Stored data:
---+---

(* Let $d\ge 1$, $0<\alpha<1$ and $\beta=1-\alpha$. Let $\sigma$ satisfy the Activation Assumption below, and let $\overline{A}\colon[0,1]\to\mathbb{R}^{d\times d}$ and $\overline{b}\colon[0,1]\to\mathbb{R}^d$ be deterministic functions for which there exist $M>0$, $\kappa>0$ with $\|\overline{A}_t-\overline{A}_s\|^2+\|\overline{b}_t-\overline{b}_s\|^2\le M|t-s|^\kappa$ for all $s,t\in[0,1]$. For each $L\in\mathbb{N}$ and $x\in\mathbb{R}^d$ define the (deterministic) hidden states $$h^{(L)}_0=x,\qquad h^{(L)}_{k+1}=h^{(L)}_k+L^{-\alpha}\,\sigma_d\!\left(A^{(L)}_k h^{(L)}_k+b^{(L)}_k\right),\quad k=0,\dots,L-1,$$ with $A^{(L)}_k=L^{-\beta}\overline{A}_{k/L}$ and $b^{(L)}_k=L^{-\beta}\overline{b}_{k/L}$. Assume there exist $p_1>4$ and $C_0>0$ such that $\sup_{0\le k\le L}\|h^{(L)}_k\|^{p_1}\le C_0$ for all $L$. Let $H$ be the solution of the linear ODE $$\frac{\mathrm{d}H_t}{\mathrm{d}t}=\overline{A}_tH_t+\overline{b}_t,\qquad H_0=x.$$ Then $\displaystyle\lim_{L\to\infty}\sup_{0\le t\le 1}\left\|H_t-h^{(L)}_{\lfloor tL\rfloor}\right\|=0.$
   Context: $\|\cdot\|$ is the Euclidean norm on vectors and the Frobenius norm on matrices. For $\sigma\colon\mathbb{R}\to\mathbb{R}$, $\sigma_d(y)=(\sigma(y_1),\dots,\sigma(y_d))^\top$ denotes the componentwise extension to $y\in\mathbb{R}^d$. $\lfloor u\rfloor$ is the integer part of $u$. Activation Assumption: $\sigma\in\mathcal{C}^3(\mathbb{R},\mathbb{R})$, $\sigma(0)=0$, $\sigma'(0)=1$, and $\sigma'''$ is bounded on $\mathbb{R}$. *)

From HB Require Import structures.
From mathcomp Require Import all_boot all_order all_algebra.
From mathcomp Require Import all_classical all_reals all_analysis.
Set Implicit Arguments. Unset Strict Implicit. Unset Printing Implicit Defensive.
Import Order.TTheory GRing.Theory Num.Theory.
Import numFieldNormedType.Exports.
Local Open Scope classical_set_scope.
Local Open Scope ring_scope.

Definition vnorm {R : realType} {d : nat} (v : 'cV[R]_d) : R :=
  Num.sqrt (\sum_(i < d) v i 0 ^+ 2).

Definition fnorm {R : realType} {d : nat} (A : 'M[R]_d) : R :=
  Num.sqrt (\sum_(i < d) \sum_(j < d) A i j ^+ 2).

Definition sigmad {R : realType} {d : nat} (s : R -> R) (v : 'cV[R]_d) : 'cV[R]_d :=
  map_mx s v.

Definition activation_assumption {R : realType} (s : R -> R) : Prop :=
  (forall y : R, derivable s y 1) /\
  (forall y : R, derivable (derive1 s) y 1) /\
  (forall y : R, derivable (derive1n 2 s) y 1) /\
  continuous (derive1n 3 s) /\
  s 0 = 0 /\ derive1 s 0 = 1 /\
  (exists K : R, forall y : R, `|derive1n 3 s y| <= K).

Fixpoint hstate {R : realType} {d : nat} (s : R -> R) (alpha : R)
  (Abar : R -> 'M[R]_d) (bbar : R -> 'cV[R]_d) (x : 'cV[R]_d) (L k : nat)
  : 'cV[R]_d :=
  match k with
  | 0%N => x
  | k'.+1 =>
      let hk := hstate s alpha Abar bbar x L k' in
      let beta := 1 - alpha in
      let Ak := (L%:R `^ (- beta)) *: Abar (k'%:R / L%:R) in
      let bk := (L%:R `^ (- beta)) *: bbar (k'%:R / L%:R) in
      hk + (L%:R `^ (- alpha)) *: sigmad s (Ak *m hk + bk)
  end.

From HB Require Import structures.
From mathcomp Require Import all_boot all_order all_algebra.
From mathcomp Require Import all_classical all_reals all_analysis.
From mathcomp Require Import ring lra.
Set Implicit Arguments. Unset Strict Implicit. Unset Printing Implicit Defensive.
Import Order.TTheory GRing.Theory Num.Theory.
Import numFieldNormedType.Exports.
Local Open Scope classical_set_scope.
Local Open Scope ring_scope.

(* The hidden states form an explicit Euler-type scheme for the linear ODE
   H' = A H + b with step 1/L:  since L^-alpha * L^-beta = 1/L and
   sigma(z) = z + o(z) near 0, one layer reads
     h_{k+1} = h_k + (1/L) (A_{k/L} h_k + b_{k/L}) + (activation defect),
   where the defect is o(1/L) uniformly because the pre-activations
   L^-beta (A h_k + b) tend to 0 uniformly (the h_k are bounded). *)

Section L1Norms.
Variables (R : realType) (d : nat).
Implicit Types (u v : 'cV[R]_d) (A B : 'M[R]_d).

Definition vnorm1 v : R := \sum_(i < d) `|v i 0|.
Definition mnorm1 A : R := \sum_(i < d) \sum_(j < d) `|A i j|.

Lemma term_le_sum (f : 'I_d -> R) (i : 'I_d) :
  (forall j, 0 <= f j) -> f i <= \sum_(j < d) f j.
Proof.
by move=> f0; rewrite (bigD1 i) //= lerDl; apply: sumr_ge0 => j _; exact: f0.
Qed.

Lemma vnorm1_le_const v (K : R) : (forall i, `|v i 0| <= K) -> vnorm1 v <= d%:R * K.
Proof.
move=> hv; have -> : d%:R * K = \sum_(i < d) K by rewrite sumr_const card_ord mulr_natl.
by apply: ler_sum => i _.
Qed.

Lemma vnorm1_ge0 v : 0 <= vnorm1 v.
Proof. by apply: sumr_ge0 => i _. Qed.

Lemma mnorm1_ge0 A : 0 <= mnorm1 A.
Proof. by apply: sumr_ge0 => i _; apply: sumr_ge0. Qed.

Lemma vnorm1_entry v i : `|v i 0| <= vnorm1 v.
Proof. exact: (@term_le_sum (fun j => `|v j 0|)). Qed.

Lemma vnorm10 : vnorm1 0 = 0.
Proof. by rewrite /vnorm1 big1 // => i _; rewrite mxE normr0. Qed.

Lemma vnorm1D u v : vnorm1 (u + v) <= vnorm1 u + vnorm1 v.
Proof.
rewrite /vnorm1 -big_split /=; apply: ler_sum => i _; rewrite mxE; exact: ler_normD.
Qed.

Lemma mnorm1D A B : mnorm1 (A + B) <= mnorm1 A + mnorm1 B.
Proof.
rewrite /mnorm1 -big_split /=; apply: ler_sum => i _.
rewrite -big_split /=; apply: ler_sum => j _; rewrite mxE; exact: ler_normD.
Qed.

Lemma vnorm1N v : vnorm1 (- v) = vnorm1 v.
Proof. by apply: eq_bigr => i _; rewrite mxE normrN. Qed.

Lemma vnorm1Z c v : vnorm1 (c *: v) = `|c| * vnorm1 v.
Proof. by rewrite /vnorm1 mulr_sumr; apply: eq_bigr => i _; rewrite mxE normrM. Qed.

Lemma vnorm1_dist u v : vnorm1 (u - v) = vnorm1 (v - u).
Proof. by rewrite -vnorm1N opprB. Qed.

Lemma vnorm1_mul A v : vnorm1 (A *m v) <= mnorm1 A * vnorm1 v.
Proof.
rewrite /vnorm1 /mnorm1 mulr_suml; apply: ler_sum => i _; rewrite mxE.
apply: le_trans (ler_norm_sum _ _ _) _.
rewrite mulr_suml; apply: ler_sum => j _; rewrite normrM.
by apply: ler_wpM2l => //; apply: vnorm1_entry.
Qed.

---+---

Problem details:
Beginning at the line that holds "rewrite /mnorm1 -big_split", reproduce each line of the records above down to and including the last one.

Solution to this task:
rewrite /mnorm1 -big_split /=; apply: ler_sum => i _.
rewrite -big_split /=; apply: ler_sum => j _; rewrite mxE; exact: ler_normD.
Qed.

Lemma vnorm1N v : vnorm1 (- v) = vnorm1 v.
Proof. by apply: eq_bigr => i _; rewrite mxE normrN. Qed.

Lemma vnorm1Z c v : vnorm1 (c *: v) = `|c| * vnorm1 v.
Proof. by rewrite /vnorm1 mulr_sumr; apply: eq_bigr => i _; rewrite mxE normrM. Qed.

Lemma vnorm1_dist u v : vnorm1 (u - v) = vnorm1 (v - u).
Proof. by rewrite -vnorm1N opprB. Qed.

Lemma vnorm1_mul A v : vnorm1 (A *m v) <= mnorm1 A * vnorm1 v.
Proof.
rewrite /vnorm1 /mnorm1 mulr_suml; apply: ler_sum => i _; rewrite mxE.
apply: le_trans (ler_norm_sum _ _ _) _.
rewrite mulr_suml; apply: ler_sum => j _; rewrite normrM.
by apply: ler_wpM2l => //; apply: vnorm1_entry.
Qed.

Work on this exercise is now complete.